> _Exercise prompt_
Count the lines below that hold the string "Section". Give only that number.

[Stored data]
######
(* Let $P,F,A_I,A_O,B_I,B_O,E_A,E_B$ be finite-dimensional Hilbert spaces with $d_{A_I}=d_{A_O}=:d_A$, $d_{B_I}=d_{B_O}=:d_B$, $d_P=d_F=d_Ad_{E_A}=d_Bd_{E_B}$. Let $(\Pi_A,\Phi_A)$ and $(\Pi_B,\Phi_B)$ be consistent frame functions for Alice and Bob, i.e. for all unitaries $U_A:A_I\to A_O$, $U_B:B_I\to B_O$, $\Phi_A(U_B)(U_A\otimes\mathbb{1}^{E_A})\Pi_A(U_B)=\Phi_B(U_A)(U_B\otimes\mathbb{1}^{E_B})\Pi_B(U_A)=:\mathcal{G}(U_A,U_B)$. Let $\{U_i\}_{i=1}^{d_A^2}$, $\{V_j\}_{j=1}^{d_B^2}$ be orthonormal bases of unitaries $A_I\to A_O$ and $B_I\to B_O$, and let $|w\rangle=\frac{1}{d_Ad_B}\sum_{i,j}|\mathcal{G}(U_i,V_j)\rangle\!\rangle^{PF}|U_i^*\rangle\!\rangle^{A_IA_O}|V_j^*\rangle\!\rangle^{B_IB_O}$ be the corresponding process vector. Let $E_I,E_O$ be Hilbert spaces isomorphic to $E_A$. Then $$|w\rangle=\frac{1}{d_B}\,\langle\!\langle\mathbb{1}|^{E_IE_O}\sum_j|\Pi_A(V_j)\rangle\!\rangle^{P,A_IE_I}\,|\Phi_A(V_j)\rangle\!\rangle^{A_OE_O,F}\,|V_j^*\rangle\!\rangle^{B_IB_O}.$$
   Context: A frame function for Alice is a pair $(\Pi_A,\Phi_A)$ of functions sending linear maps $T_B:B_I\to B_O$ to linear maps $\Pi_A(T_B):P\to A_I\otimes E_A$ and $\Phi_A(T_B):A_O\otimes E_A\to F$, unitary whenever $T_B$ is unitary; Bob's frame function is defined symmetrically with $\Pi_B(T_A):P\to B_I\otimes E_B$, $\Phi_B(T_A):B_O\otimes E_B\to F$. All spaces have fixed computational bases. For a linear map $K:X\to Y$, $|K\rangle\!\rangle^{X,Y}=\sum_i|i\rangle^X\otimes(K|i\rangle)^Y\in X\otimes Y$ (so $|\Pi_A(V)\rangle\!\rangle^{P,A_IE_I}\in P\otimes A_I\otimes E_I$ with the output $E_A$ identified with $E_I$, and $|\Phi_A(V)\rangle\!\rangle^{A_OE_O,F}\in A_O\otimes E_O\otimes F$ with the input $E_A$ identified with $E_O$); $K^*$ is entrywise complex conjugation. $\langle\!\langle\mathbb{1}|^{E_IE_O}$ denotes the bra of $|\mathbb{1}\rangle\!\rangle^{E_IE_O}=\sum_e|e\rangle^{E_I}|e\rangle^{E_O}$ applied (partial inner product) to the $E_I,E_O$ tensor factors, leaving the others. An orthonormal basis of unitaries $X\to Y$ ($d=\dim X=\dim Y$) is a set of $d^2$ unitaries $U_i$ with $\{|U_i\rangle\!\rangle\}$ a basis of $X\otimes Y$ and $\langle\!\langle U_i|U_j\rangle\!\rangle=d\,\delta_{ij}$. *)

From mathcomp Require Import all_boot all_order all_algebra all_field.
From mathcomp Require Import mxtens.
Set Implicit Arguments. Unset Strict Implicit. Unset Printing Implicit Defensive.
Import Order.TTheory GRing.Theory Num.Theory.
Local Open Scope ring_scope.

(* A linear map K : X -> Y between spaces with fixed
   computational bases (dims dX, dY) is a matrix 'M[algC]_(dY, dX) acting on
   column vectors: K|i> is the i-th column, i.e. <y|K|i> = K y i.
   Tensor products X (x) Y are indexed by 'I_(dX * dY) through
   [mxtens_index (x, y)], and tensmx is the Kronecker product. *)

Definition mxconj m n (K : 'M[algC]_(m, n)) : 'M[algC]_(m, n) :=
  \matrix_(i, j) (K i j)^*.

Definition adjmx m n (K : 'M[algC]_(m, n)) : 'M[algC]_(n, m) := (mxconj K)^T.

Definition unitary m n (K : 'M[algC]_(m, n)) : Prop :=
  adjmx K *m K = 1%:M /\ K *m adjmx K = 1%:M.

(* |K>>^{X,Y} = sum_i |i>^X (K|i>)^Y ; component at (x, y) *)
Definition dket m n (K : 'M[algC]_(m, n)) (x : 'I_n) (y : 'I_m) : algC := K y x.

Definition hs_inner m n (K L : 'M[algC]_(m, n)) : algC :=
  \sum_(x < n) \sum_(y < m) (dket K x y)^* * dket L x y.

Definition unitary_onb d (U : 'I_(d ^ 2) -> 'M[algC]_d) : Prop :=
  (forall i, unitary (U i))
  /\ row_free (\matrix_(i < d ^ 2) mxvec (U i))
  /\ (forall i j, hs_inner (U i) (U j) = d%:R * (i == j)%:R).

(* Frame function of Alice: (Pi_A, Phi_A) with
   Pi_A(T_B) : P -> A_I (x) E_A,   Phi_A(T_B) : A_O (x) E_A -> F,
   unitary whenever T_B : B_I -> B_O is unitary. *)
Definition frame_function (dP dF dX eX dY : nat)
  (Pi : 'M[algC]_dY -> 'M[algC]_(dX * eX, dP))
  (Phi : 'M[algC]_dY -> 'M[algC]_(dF, dX * eX)) : Prop :=
  forall T, unitary T -> unitary (Pi T) /\ unitary (Phi T).

Definition frame_map (dP dF dX eX dY : nat)
  (Pi : 'M[algC]_dY -> 'M[algC]_(dX * eX, dP))
  (Phi : 'M[algC]_dY -> 'M[algC]_(dF, dX * eX))
  (U : 'M[algC]_dX) (T : 'M[algC]_dY) : 'M[algC]_(dF, dP) :=
  Phi T *m (tensmx U (1%:M : 'M[algC]_eX)) *m Pi T.

From mathcomp Require Import all_boot all_order all_algebra all_field.
From mathcomp Require Import mxtens.
Import Order.TTheory GRing.Theory Num.Theory.
Local Open Scope ring_scope.

(* Only Alice's description G(U_i, V_j) = Phi_A(V_j) (U_i (x) 1) Pi_A(V_j) is
   needed.  Its (f, p) entry is linear in U_i: it equals sum_(x,y) U_i[x,y] K_j[x,y],
   where K_j is the contraction of Phi_A(V_j) with Pi_A(V_j) over E_A.  The d_A^2
   orthogonal unitaries U_i of Hilbert-Schmidt norm d_A are complete, i.e.
   sum_i U_i[x,y] (U_i[a,b])^* = d_A [x = a][y = b], so summing against U_i^*
   returns d_A K_j[a,b], and d_A cancels in the normalisation 1/(d_A d_B). *)

Lemma big_mxtens_index (R : Type) (idx : R) (op : Monoid.com_law idx)
    m n (F : 'I_(m * n) -> R) :
  \big[op/idx]_k F k = \big[op/idx]_i \big[op/idx]_j F (mxtens_index (i, j)).
Proof.
rewrite pair_big (reindex (@mxtens_index m n)) /=; last first.
  by exists (@mxtens_unindex m n) => k _; rewrite (mxtens_indexK, mxtens_unindexK).
by apply: eq_bigr => -[i j].
Qed.

Lemma mul_tensmx1E (R : comPzRingType) m n e p q (Phi : 'M[R]_(p, m * e))
    (T : 'M[R]_(m, n)) (Pi : 'M[R]_(n * e, q)) f r :
  (Phi *m tensmx T (1%:M : 'M_e) *m Pi) f r
  = \sum_x \sum_y T x y * \sum_k Phi f (mxtens_index (x, k)) * Pi (mxtens_index (y, k)) r.
Proof.
have PhiT_E y k : (Phi *m tensmx T 1%:M) f (mxtens_index (y, k))
    = \sum_x Phi f (mxtens_index (x, k)) * T x y.
  rewrite mxE big_mxtens_index; apply: eq_bigr => x _.
  rewrite (bigD1 k) //= big1 ?addr0 => [|l /negbTE lk]; last first.
    by rewrite tensmxE mxE lk mulr0n mulr0 mulr0.
  by rewrite tensmxE mxE eqxx mulr1.
rewrite mxE big_mxtens_index exchange_big /=.
under eq_bigr do under eq_bigr do rewrite PhiT_E big_distrl /=.
under eq_bigr do rewrite exchange_big /=.
rewrite exchange_big /=; apply: eq_bigr => x _; rewrite exchange_big /=.
by apply: eq_bigr => y _; rewrite big_distrr; apply: eq_bigr => k _; rewrite mulrAC mulrC.
Qed.

Section OrthonormalUnitaries.

Variables (d : nat) (U : 'I_(d ^ 2) -> 'M[algC]_d).
Hypothesis U_orthonormal : forall i j, hs_inner (U i) (U j) = d%:R * (i == j)%:R.

Lemma hs_orthonormal_complete (a b c e : 'I_d) :
  \sum_i U i a b * (U i c e)^* = d%:R * ((a == c) && (b == e))%:R.
Proof.
have d_neq0 : d%:R != 0 :> algC by rewrite pnatr_eq0 -lt0n (leq_ltn_trans _ (ltn_ord a)).
pose M : 'M[algC]_(d * d) := \matrix_(i, k) U i (mxtens_unindex k).1 (mxtens_unindex k).2.
have rowsM : mxconj M *m (d%:R^-1 *: M^T) = 1%:M.
  apply/matrixP => i j; rewrite -scalemxAr !mxE big_mxtens_index exchange_big /=.
  under eq_bigr do under eq_bigr do rewrite !mxE !mxtens_indexK.
  by rewrite -[X in _ * X]/(hs_inner (U i) (U j)) U_orthonormal mulrA mulVf // mul1r.
(* M is square, so its orthonormal rows force orthonormal columns. *)
have /matrixP/(_ (mxtens_index (a, b)) (mxtens_index (c, e))) := mulmx1C rowsM.
rewrite -scalemxAl !mxE (inj_eq (can_inj (@mxtens_indexK d d))) xpair_eqE.
under eq_bigr do rewrite !mxE !mxtens_indexK.
by move=> <-; rewrite mulrA mulfV // mul1r.
Qed.

Lemma hs_orthonormal_expand (K : 'I_d -> 'I_d -> algC) (a b : 'I_d) :
  \sum_i (\sum_x \sum_y U i x y * K x y) * (U i a b)^* = d%:R * K a b.
Proof.
under eq_bigr do rewrite big_distrl; rewrite exchange_big /=.
under eq_bigr do (under eq_bigr do rewrite big_distrl; rewrite exchange_big /=).
under eq_bigr do under eq_bigr do
  (under eq_bigr do rewrite mulrAC; rewrite -big_distrl /= hs_orthonormal_complete).
rewrite (bigD1 a) //= [X in _ + X]big1 ?addr0 => [|x /negbTE xa]; last first.
  by apply: big1 => y _; rewrite xa mulr0 mul0r.
rewrite (bigD1 b) //= [X in _ + X]big1 ?addr0 => [|y /negbTE yb]; last first.
  by rewrite yb andbF mulr0 mul0r.
by rewrite !eqxx mulr1.
Qed.

End OrthonormalUnitaries.

Theorem theorem3
  (dP dF dA dB eA eB : nat)
  (hPF : dP = dF) (hFA : dF = (dA * eA)%N) (hFB : dF = (dB * eB)%N)
  (PiA : 'M[algC]_dB -> 'M[algC]_(dA * eA, dP))
  (PhiA : 'M[algC]_dB -> 'M[algC]_(dF, dA * eA))
  (PiB : 'M[algC]_dA -> 'M[algC]_(dB * eB, dP))
  (PhiB : 'M[algC]_dA -> 'M[algC]_(dF, dB * eB))
  (hA : frame_function PiA PhiA)
  (hB : frame_function PiB PhiB)
  (hcons : forall (UA : 'M[algC]_dA) (UB : 'M[algC]_dB),
      unitary UA -> unitary UB ->
      frame_map PiA PhiA UA UB = frame_map PiB PhiB UB UA)
  (U : 'I_(dA ^ 2) -> 'M[algC]_dA) (V : 'I_(dB ^ 2) -> 'M[algC]_dB)
  (hU : unitary_onb U) (hV : unitary_onb V)
  (w : 'I_dP -> 'I_dF -> 'I_dA -> 'I_dA -> 'I_dB -> 'I_dB -> algC)
  (hw : forall p f ai ao bi bo,
      w p f ai ao bi bo =
      (dA%:R * dB%:R)^-1 *
      \sum_(i < dA ^ 2) \sum_(j < dB ^ 2)
        dket (frame_map PiA PhiA (U i) (V j)) p f
        * dket (mxconj (U i)) ai ao * dket (mxconj (V j)) bi bo) :
  forall p f ai ao bi bo,
    w p f ai ao bi bo =
    dB%:R^-1 *
    \sum_(j < dB ^ 2) \sum_(e < eA)
      dket (PiA (V j)) p (mxtens_index (ai, e))
      * dket (PhiA (V j)) (mxtens_index (ao, e)) f
      * dket (mxconj (V j)) bi bo.
Proof.
move=> p f ai ao bi bo; rewrite hw /dket /frame_map exchange_big /=.
have [_ [_ orthoU]] := hU.
have dA_neq0 : dA%:R != 0 :> algC by rewrite pnatr_eq0 -lt0n (leq_ltn_trans _ (ltn_ord ai)).
under eq_bigr do rewrite -big_distrl /=.
under eq_bigr do under eq_bigr do rewrite mul_tensmx1E mxE.
under eq_bigr => j _.
  rewrite (hs_orthonormal_expand _ _ orthoU
    (fun x y => \sum_k PhiA (V j) f (mxtens_index (x, k)) * PiA (V j) (mxtens_index (y, k)) p)).
  by rewrite -mulrA; over.
rewrite -big_distrr /= mulrA invfM [_ * dA%:R]mulrAC mulVf // mul1r.
congr (_ * _); apply: eq_bigr => j _; rewrite big_distrl.
by apply: eq_bigr => k _; rewrite [_ * PiA _ _ _]mulrC.
Qed.
(* With [K = k%:R], [3 (z0 + K z) (z0 + (K + 1) z) - 8 (K + 1) z z0] equals
   [((6 z0 - (2 K + 5) z)^2 + (32 K^2 + 16 K - 25) z^2) / 12]. *)
Lemma mulSn_gain_le (z : R) (k : nat) : 0 < z -> (1 <= k)%N ->
  k.+1%:R * gain z k <= 3 / (8 * z0).
Proof.
move=> z_gt0 k_ge1; rewrite gainE; last exact: ltW.
have hK := affine_gt0 k (ltW z_gt0).
have K_ge1 : 1 <= (k%:R : R) by rewrite ler1n.
rewrite -[k.+1%:R]natr1; set K := (k%:R : R) in K_ge1 hK *.
have hKS : 0 < z0 + K * z + z by rewrite ltr_wpDr // ltW.
rewrite -subr_ge0.
have -> : 3 / (8 * z0) - (K + 1) * (z / ((z0 + K * z) * (z0 + K * z + z))) =
  (3 * ((z0 + K * z) * (z0 + K * z + z)) - (K + 1) * z * (8 * z0)) /
  (8 * z0 * ((z0 + K * z) * (z0 + K * z + z))).
  by field; rewrite !gt_eqF.
rewrite divr_ge0 //; last by rewrite !mulr_ge0 // ltW.
have sq : 0 <= (6 * z0 - (2 * K + 5) * z) ^+ 2 by apply: sqr_ge0.
have q : 0 <= (32 * K ^+ 2 + 16 * K - 25) * z ^+ 2.
  by apply: mulr_ge0; [nra | exact: sqr_ge0].
nra.
Qed.

End Gain.

Lemma sqrtr_ge1 (R : rcfType) (a : R) : 1 <= a -> 1 <= Num.sqrt a.
Proof. by move=> a_ge1; rewrite -sqrtr1 ler_sqrt // (le_trans ler01). Qed.

Section Peak.
Variables (R : rcfType) (z0 gamma : R).
Hypotheses (z0_gt0 : 0 < z0) (gamma_gt0 : 0 < gamma).

Definition peak (a : R) : R := (Num.sqrt a - z0 * Num.sqrt gamma) ^+ 2 / z0.

Lemma le_peak (a z : R) : 0 <= a -> 0 < z -> a * gain z0 z 0 - gamma * z <= peak a.
Proof.
move=> a_ge0 z_gt0; have hz : 0 < z0 + z by rewrite addr_gt0.
have g_gt0 : 0 < Num.sqrt gamma by rewrite sqrtr_gt0.
rewrite -[a in a * _](sqr_sqrtr a_ge0) -[gamma](sqr_sqrtr (ltW gamma_gt0)).
rewrite gain0 -subr_ge0 /peak; set s := Num.sqrt a; set g := Num.sqrt gamma.
have -> : (s - z0 * g) ^+ 2 / z0 - (s ^+ 2 * (z0^-1 - (z0 + z)^-1) - g ^+ 2 * z) =
  (s - g * (z0 + z)) ^+ 2 / (z0 + z) by field; rewrite !gt_eqF.
by rewrite divr_ge0 ?sqr_ge0 ?ltW.
Qed.

Lemma peak_attained (a : R) : 0 < a ->
  a * gain z0 (Num.sqrt (a / gamma) - z0) 0 - gamma * (Num.sqrt (a / gamma) - z0)
  = peak a.
Proof.
move=> a_gt0; have s_gt0 : 0 < Num.sqrt a by rewrite sqrtr_gt0.
have g_gt0 : 0 < Num.sqrt gamma by rewrite sqrtr_gt0.
rewrite sqrtrM ?ltW // sqrtrV ?ltW // gain0 subrKC /peak.
have aE := sqr_sqrtr (ltW a_gt0); have gE := sqr_sqrtr (ltW gamma_gt0).
set s := Num.sqrt a in aE s_gt0 *; set g := Num.sqrt gamma in gE g_gt0 *.
by rewrite -aE -gE; field; rewrite !gt_eqF.
Qed.

Hypothesis small : z0 * Num.sqrt gamma < 1 / 3.

Lemma precision_gt0 (a : R) : 1 <= a -> 0 < Num.sqrt (a / gamma) - z0.
Proof.
move=> a_ge1; rewrite sqrtrM ?(le_trans ler01) // sqrtrV ?ltW //.
rewrite subr_gt0 ltr_pdivlMr ?sqrtr_gt0 //.
by have := sqrtr_ge1 a_ge1; have := small; lra.
Qed.

Lemma peak_lt (a b : R) : 0 <= a -> a < b -> 1 <= b -> peak a < peak b.
Proof.
move=> a_ge0 ab b_ge1.
have sab : Num.sqrt a < Num.sqrt b by rewrite ltr_sqrt // (le_lt_trans a_ge0).
have sb_ge1 := sqrtr_ge1 b_ge1; have sa_ge0 := sqrtr_ge0 a.
rewrite -subr_gt0 /peak; have := small.
set s := Num.sqrt a in sab sa_ge0 *; set t := Num.sqrt b in sab sb_ge1 *.
set y := z0 * Num.sqrt gamma => y_lt.
have -> : (t - y) ^+ 2 / z0 - (s - y) ^+ 2 / z0 = (t - s) * (t + s - 2 * y) / z0.
  by field; rewrite gt_eqF.
by rewrite divr_gt0 // mulr_gt0 //; lra.
Qed.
######
> _Exercise solution_
2